# TASK
All of the data is to be copied without a single change.

BEGIN SOURCE INFORMATION

Lemma sorted_ltn_leq_nth s j k : sorted ltn s -> j < size s -> k < size s ->
  (nth 0 s j <= nth 0 s k) = (j <= k).
Proof.
move=> Hs Hj Hk; case: (ltngtP j k) => [Hjk|Hkj|->]; last exact: leqnn.
- by rewrite ltnW // (sorted_ltn_nth ltn_trans 0 Hs).
- by rewrite leqNgt (sorted_ltn_nth ltn_trans 0 Hs).
Qed.

Lemma sorted_ltn_cat (s1 s2 : seq nat) : sorted ltn s1 -> sorted ltn s2 ->
  (forall i j, i \in s1 -> j \in s2 -> i < j) -> sorted ltn (s1 ++ s2).
Proof.
case: s1 => [|x s1] //= H1 H2 H; rewrite cat_path H1 /=.
case: s2 H2 H => [|y s2] //= H2 H; rewrite H2 andbT; apply: H.
  by rewrite mem_last.
by rewrite mem_head.
Qed.

Lemma downward_closed_iota (s : seq nat) : sorted ltn s ->
  (forall i j, i \in s -> j <= i -> j \in s) -> s = iota 0 (size s).
Proof.
move=> Hs Hd; have Hu := sorted_uniq ltn_trans ltnn Hs.
have Hlt x : x \in s -> x < size s.
  move=> Hx; have : {subset iota 0 x.+1 <= s}.
    by move=> j; rewrite mem_iota add0n ltnS => /andP[_ Hj]; exact: Hd Hx Hj.
  by move/(uniq_leq_size (iota_uniq 0 x.+1)); rewrite size_iota.
apply: (irr_sorted_eq ltn_trans ltnn Hs (iota_ltn_sorted 0 _)).
have Hsub : {subset s <= iota 0 (size s)}.
  by move=> x Hx; rewrite mem_iota add0n Hlt.
by have [_ E] := uniq_min_size Hu Hsub (eq_leq (size_iota _ _)).
Qed.

Section AutomataConstructions.
Variable B : finType.

Definition unary_proj (M : nfa (unit * B)) : nfa B :=
  Nfa (@ninit _ M) (@nfin _ M) (fun q b => @ntr _ M q (tt, b)).

Lemma accepts_unary_proj M x : accepts (unary_proj M) x = accepts M (conv_a x).
Proof.
apply: eq_existsb => q; congr (_ && _).
by elim: x q => [|b x IH] q //=; apply: eq_existsb => q'; rewrite IH.
Qed.

Definition unary_ext (M : nfa B) : nfa (unit * B) :=
  Nfa (@ninit _ M) (@nfin _ M) (fun q p => @ntr _ M q p.2).

Lemma accepts_unary_ext M x : accepts (unary_ext M) (conv_a x) = accepts M x.
Proof.
apply: eq_existsb => q; congr (_ && _).
by elim: x q => [|b x IH] q //=; apply: eq_existsb => q'; rewrite IH.
Qed.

END SOURCE INFORMATION

# EXERCISE OUTPUT
Lemma sorted_ltn_leq_nth s j k : sorted ltn s -> j < size s -> k < size s ->
  (nth 0 s j <= nth 0 s k) = (j <= k).
Proof.
move=> Hs Hj Hk; case: (ltngtP j k) => [Hjk|Hkj|->]; last exact: leqnn.
- by rewrite ltnW // (sorted_ltn_nth ltn_trans 0 Hs).
- by rewrite leqNgt (sorted_ltn_nth ltn_trans 0 Hs).
Qed.

Lemma sorted_ltn_cat (s1 s2 : seq nat) : sorted ltn s1 -> sorted ltn s2 ->
  (forall i j, i \in s1 -> j \in s2 -> i < j) -> sorted ltn (s1 ++ s2).
Proof.
case: s1 => [|x s1] //= H1 H2 H; rewrite cat_path H1 /=.
case: s2 H2 H => [|y s2] //= H2 H; rewrite H2 andbT; apply: H.
  by rewrite mem_last.
by rewrite mem_head.
Qed.

Lemma downward_closed_iota (s : seq nat) : sorted ltn s ->
  (forall i j, i \in s -> j <= i -> j \in s) -> s = iota 0 (size s).
Proof.
move=> Hs Hd; have Hu := sorted_uniq ltn_trans ltnn Hs.
have Hlt x : x \in s -> x < size s.
  move=> Hx; have : {subset iota 0 x.+1 <= s}.
    by move=> j; rewrite mem_iota add0n ltnS => /andP[_ Hj]; exact: Hd Hx Hj.
  by move/(uniq_leq_size (iota_uniq 0 x.+1)); rewrite size_iota.
apply: (irr_sorted_eq ltn_trans ltnn Hs (iota_ltn_sorted 0 _)).
have Hsub : {subset s <= iota 0 (size s)}.
  by move=> x Hx; rewrite mem_iota add0n Hlt.
by have [_ E] := uniq_min_size Hu Hsub (eq_leq (size_iota _ _)).
Qed.

Section AutomataConstructions.
Variable B : finType.

Definition unary_proj (M : nfa (unit * B)) : nfa B :=
  Nfa (@ninit _ M) (@nfin _ M) (fun q b => @ntr _ M q (tt, b)).

Lemma accepts_unary_proj M x : accepts (unary_proj M) x = accepts M (conv_a x).
Proof.
apply: eq_existsb => q; congr (_ && _).
by elim: x q => [|b x IH] q //=; apply: eq_existsb => q'; rewrite IH.
Qed.

Definition unary_ext (M : nfa B) : nfa (unit * B) :=
  Nfa (@ninit _ M) (@nfin _ M) (fun q p => @ntr _ M q p.2).

Lemma accepts_unary_ext M x : accepts (unary_ext M) (conv_a x) = accepts M x.
Proof.
apply: eq_existsb => q; congr (_ && _).
by elim: x q => [|b x IH] q //=; apply: eq_existsb => q'; rewrite IH.
Qed.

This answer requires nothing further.